Lemma rcutF_cat l c r j : j < nleaves c ->
  rcutF (l ++ c :: r) (nleavesF l + j) = rcut c j :: r.
Proof.
move=> hj; elim: l => [|x l IH] /=; first by rewrite hj.
rewrite nleavesF_cons ifN; last lia.
by rewrite (_ : _ - _ = nleavesF l + j) ?IH //; lia.
Qed.

Lemma lcut_NodeE cs i : lcut (Node cs) i = contract (lcutF cs i [::]).
Proof. by []. Qed.

Lemma rcut_NodeE cs i : rcut (Node cs) i = contract (rcutF cs i).
Proof. by []. Qed.

Lemma lcut_Node_cat l c r j : j < nleaves c ->
  lcut (Node (l ++ c :: r)) (nleavesF l + j) = contract (rcons l (lcut c j)).
Proof. by move=> hj; rewrite lcut_NodeE lcutF_cat. Qed.

Lemma rcut_Node_cat l c r j : j < nleaves c ->
  rcut (Node (l ++ c :: r)) (nleavesF l + j) = contract (rcut c j :: r).
Proof. by move=> hj; rewrite rcut_NodeE rcutF_cat. Qed.

Lemma lcut_Node_cons c r j : j < nleaves c -> lcut (Node (c :: r)) j = lcut c j.
Proof. exact: (@lcut_Node_cat [::]). Qed.

Lemma rcut_Node_cons c r j : j < nleaves c ->
  rcut (Node (c :: r)) j = contract (rcut c j :: r).
Proof. exact: (@rcut_Node_cat [::]). Qed.

Lemma cuts_spec t i : valid t -> i < nleaves t ->
  [/\ valid (lcut t i), nleaves (lcut t i) = i.+1,
      valid (rcut t i), nleaves (rcut t i) = nleaves t - i
    & ideg t <= ideg (lcut t i) + ideg (rcut t i)].
Proof.
elim/ptree_ind_mem: t i => [|cs IH] i; first by move=> _; case: i.
move=> hv hi; have [l [c [r [j [ecs -> hj]]]]] := nleavesF_split hi; subst cs.
have [hl hc hr hs] := valid_Node_cat hv.
have [lv ln rv rn hd] := IH c (mem_cat_mid l r c) j hc hj.
have nn x : rcons l x != [::] by rewrite -size_eq0 size_rcons.
rewrite lcut_Node_cat // rcut_Node_cat //; split.
- by rewrite valid_contract ?all_rcons ?hl ?lv.
- by rewrite nleaves_contract // nleavesF_rcons ln; lia.
- by rewrite valid_contract //= rv.
- rewrite nleaves_contract // nleavesF_cons rn nleaves_Node nleavesF_cat nleavesF_cons.
  by have := nleaves_gt0 hc; lia.
- rewrite !ideg_contract size_rcons idegF_rcons idegF_cons ideg_Node idegF_cat idegF_cons.
  by clear IH; case: l {hl hv hi nn} hs => [|a l]; case: r {hr} => [|b r] /=; lia.
Qed.
Lemma strictly_positive_gt0 (X : topologicalType) (phi : (X -> RR) -> RR) f y :
  strictly_positive_functional phi -> CbX f -> (forall x, 0 <= f x) ->
  f y != 0 -> 0 < phi f.
Proof.
move=> [_ [pos spos]] Cf f_ge0 fy; rewrite lt_neqAle pos // andbT.
by apply/eqP => /esym /(spos f Cf f_ge0) f0; rewrite f0 eqxx in fy.
Qed.

Lemma exists_natSinv_lt (p : RR) : 0 < p -> exists n : nat, n.+1%:R^-1 < p.
Proof.
move=> p_gt0; exists (Num.Def.trunc p^-1).
by rewrite -[ltRHS]invrK ltf_pV2 ?posrE ?invr_gt0 ?ltr0Sn // truncnS_gt.
Qed.

Lemma strictly_positive_CCC (X : topologicalType) :
  T3half X -> (exists phi : (X -> RR) -> RR, strictly_positive_functional phi) ->
  CCC X.
Proof.
move=> hX [phi sp] F Fo dF; apply: countable_nonempty_members.
set F' := F `&` _.
have dF' : pw_disjoint F' := pw_disjoint_sub (@subIsetl _ _ _) dF.
have /boolp.choice[k hk] : forall U : set X, exists k : X -> RR,
    F' U -> bump_in U k /\ exists y, k y = 1.
  move=> U; case: (pselect (F' U)) => [[/Fo oU [y Uy]] | nF'U]; last first.
    by exists (fun=> 0).
  have [k bk ky] := T3half_bump hX oU Uy.
  by exists k => _; split=> //; exists y.
have phik_gt0 U : F' U -> 0 < phi (k U).
  move=> /hk [[ck k01 k0] [y ky]]; apply: (strictly_positive_gt0 (y := y)) => //.
  - exact: CbX01.
  - by move=> x; case/andP: (k01 x).
  - by rewrite ky oner_neq0.
pose Fn (n : nat) := [set U | F' U /\ n.+1%:R^-1 < phi (k U)].
have finFn n : finite_set (Fn n).
  have [lin [pos _]] := sp.
  apply: (finite_bumps_phi_gt lin pos (k := k) (eps := n.+1%:R^-1)).
  - by apply: pw_disjoint_sub dF' => U [].
  - by move=> U [/hk []].
  - by move=> U [].
  - by rewrite invr_gt0 ltr0Sn.
have cFn : countable (\bigcup_(n in [set: nat]) Fn n).
  by apply: bigcup_countable => // n _; exact: finite_set_countable.
apply: (sub_countable _ cFn); apply: subset_card_le => U F'U.
by have [n ?] := exists_natSinv_lt (phik_gt0 U F'U); exists n.
Qed.
(* For every prime power $q$, all integers $n$, $r\le\lfloor n/2\rfloor$ and $0<\rho<r$, $$K_{\mathrm{C}}(q,n,r,\rho)\le K_{\mathrm{C}}(q,n-1,r,\rho-1)\le {n-\rho\brack r} \quad\text{and}\quad K_{\mathrm{C}}(q,n,r,\rho)\le K_{\mathrm{C}}(q,n,r-1,\rho-1)\le {n\brack r-\rho}.$$
   Context: ${m\brack k}=\prod_{i=0}^{k-1}\frac{q^m-q^i}{q^k-q^i}$ is the Gaussian binomial (the number of $k$-dimensional subspaces of $\mathrm{GF}(q)^m$). $E_r(q,n)$ is the set of $r$-dimensional subspaces of $\mathrm{GF}(q)^n$ with injection distance $d_{\mathrm{I}}(U,V)=\dim(U+V)-\min\{\dim U,\dim V\}$; the covering radius of a nonempty $\mathcal{C}\subseteq E_r(q,n)$ is $\max_U\min_{C\in\mathcal{C}}d_{\mathrm{I}}(U,C)$, and $K_{\mathrm{C}}(q,n,r,\rho)$ is the minimum cardinality of a subset of $E_r(q,n)$ with covering radius at most $\rho$ (for any $0\le r\le n$, $\rho\ge 0$). *)

From mathcomp Require Import all_boot all_order all_algebra.
Set Implicit Arguments. Unset Strict Implicit. Unset Printing Implicit Defensive.
Import Order.TTheory GRing.Theory Num.Theory.

Section Grass.
Variable F : finFieldType.

(* the canonical representatives of subspaces of F^n: matrices equal to their
   own generated row space <<A>>; the row space of A is the subspace. *)
Definition is_subspace (n : nat) (A : 'M[F]_n) : bool := (<<A>>%MS == A).

Definition Egr (n r : nat) : {set 'M[F]_n} :=
  [set A : 'M[F]_n | is_subspace A && (\rank A == r)].

Definition dinj (n : nat) (U V : 'M[F]_n) : nat :=
  (\rank (U + V)%MS - minn (\rank U) (\rank V))%N.

Definition covers (n r rho : nat) (C : {set 'M[F]_n}) : bool :=
  [&& C \subset Egr n r, C != set0 &
      [forall U in Egr n r, exists c in C, dinj U c <= rho]].

(* K_C(q,n,r,rho), q = #|F|: minimum cardinality of such a code.
   (The default value #|Egr n r| is attained by Egr n r itself whenever
   Egr n r is nonempty, so it never affects the minimum in that case.) *)
Definition KC (n r rho : nat) : nat :=
  \big[minn/#|Egr n r|]_(C : {set 'M[F]_n} | covers r rho C) #|C|.

End Grass.

Definition gauss_binom (q m k : nat) : rat :=
  (\prod_(i < k) (((q ^ m)%:R - (q ^ i)%:R) / ((q ^ k)%:R - (q ^ i)%:R)))%R.

(* Two monotonicity steps drive both chains.  Embed F^(n-1) in F^n as a
   hyperplane H: an r-space U of F^n meets H in dimension at least r - 1, so
   U is at injection distance at most 1 from the image of some r-space of
   F^(n-1), and the image of a covering code of radius rho - 1 has radius at
   most rho.  Likewise enlarge every codeword of an (r-1)-dimensional code to
   an r-space: as every r-space contains an (r-1)-space, the radius again
   grows by at most one.  Iterating each step rho - 1 times ends at radius 0,
   where the whole Grassmannian is a covering code.  Its size is bounded by
   the Gaussian binomial because (U, g) |-> g * (a basis of U) injects
   E_k(q,m) x GL_k(q) into the full-rank k x m matrices. *)

From mathcomp Require Import all_boot all_order all_algebra.
From mathcomp Require Import zify.
Set Implicit Arguments. Unset Strict Implicit. Unset Printing Implicit Defensive.
Import Order.TTheory GRing.Theory Num.Theory.

Section RankGeometry.
Variable F : finFieldType.

Lemma mxrank_adds_triangle m1 m2 m3 n (X : 'M[F]_(m1, n)) (Y : 'M[F]_(m2, n))
    (Z : 'M[F]_(m3, n)) :
  \rank (X + Z)%MS + \rank Y <= \rank (X + Y)%MS + \rank (Y + Z)%MS.
Proof.
rewrite -(mxrank_sum_cap (X + Y)%MS (Y + Z)%MS); apply: leq_add; apply: mxrankS.
  by rewrite addsmxS ?addsmxSl ?addsmxSr.
by rewrite sub_capmx addsmxSr addsmxSl.
Qed.

Lemma mxrank_adds_sub m1 m2 m3 n (X : 'M[F]_(m1, n)) (Y : 'M[F]_(m2, n))
    (Z : 'M[F]_(m3, n)) :
  (Y <= X)%MS -> \rank (X + Z)%MS + \rank Y <= \rank X + \rank (Y + Z)%MS.
Proof.
by move=> /addsmx_idPl YX; rewrite -[in \rank X]YX mxrank_adds_triangle.
Qed.
Lemma approx_from_below (T : R) : 0 < T -> exists sig : nat -> R,
  (forall n, 0 <= sig n < T) /\
  (forall eps, 0 < eps -> exists N, forall n, (N <= n)%nat -> T - sig n < eps).
Proof.
  intro HT. exists (fun n => T - T / (INR n + 1)). split.
  - intro n. pose proof (pos_INR n).
    assert (0 < T / (INR n + 1)) by (apply Rdiv_lt_0_compat; lra).
    enough (T / (INR n + 1) <= T) by lra.
    apply Rle_div_l; nra.
  - intros eps Heps. destruct (archimed_cor1 (eps / T)) as [N [HN N0]].
    { now apply Rdiv_lt_0_compat. }
    pose proof (lt_0_INR _ N0).
    assert (HTN : T < eps * INR N).
    { apply (Rmult_lt_compat_l (T * INR N)) in HN; [|nra].
      replace (T * INR N * / INR N) with T in HN by (field; lra).
      replace (T * INR N * (eps / T)) with (eps * INR N) in HN by (field; lra).
      exact HN. }
    exists N. intros n Hn. pose proof (le_INR _ _ Hn).
    replace (T - (T - T / (INR n + 1))) with (T / (INR n + 1)) by ring.
    apply Rlt_div_l; nra.
Qed.

Lemma complete_controlled_limit {Y : Type} (d : Y -> Y -> R) (q : nat -> Y)
  (sig : nat -> R) (T : R) :
  complete_metric d -> (forall n m, d (q n) (q m) <= Rabs (sig n - sig m)) ->
  (forall n, sig n <= T) ->
  (forall eps, 0 < eps -> exists N, forall n, (N <= n)%nat -> T - sig n < eps) ->
  exists l, forall eps, 0 < eps -> exists N, forall n, (N <= n)%nat -> d (q n) l < eps.
Proof.
  intros Hc Hq Hsig Hlim. apply Hc. intros eps Heps.
  destruct (Hlim eps Heps) as [N HN]. exists N. intros m n Hm Hn.
  eapply Rle_lt_trans; [apply Hq|].
  specialize (HN m Hm) as Hm'. specialize (HN n Hn). pose proof (Hsig m); pose proof (Hsig n).
  apply Rabs_def1; lra.
Qed.

Section NearestPoint.

Variables (Y I : Type) (d : Y -> Y -> R).
Hypothesis HT : R_tree d.

Let Hm : metric Y d := proj1 HT.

■ ASSIGNMENT
Using the entries shown above, reproduce verbatim the lines from the line bearing "assert (0 <" to the line bearing "replace (T * INR N * /", inclusive.

■ RESPONSE FOR THIS EXERCISE
    assert (0 < T / (INR n + 1)) by (apply Rdiv_lt_0_compat; lra).
    enough (T / (INR n + 1) <= T) by lra.
    apply Rle_div_l; nra.
  - intros eps Heps. destruct (archimed_cor1 (eps / T)) as [N [HN N0]].
    { now apply Rdiv_lt_0_compat. }
    pose proof (lt_0_INR _ N0).
    assert (HTN : T < eps * INR N).
    { apply (Rmult_lt_compat_l (T * INR N)) in HN; [|nra].
      replace (T * INR N * / INR N) with T in HN by (field; lra).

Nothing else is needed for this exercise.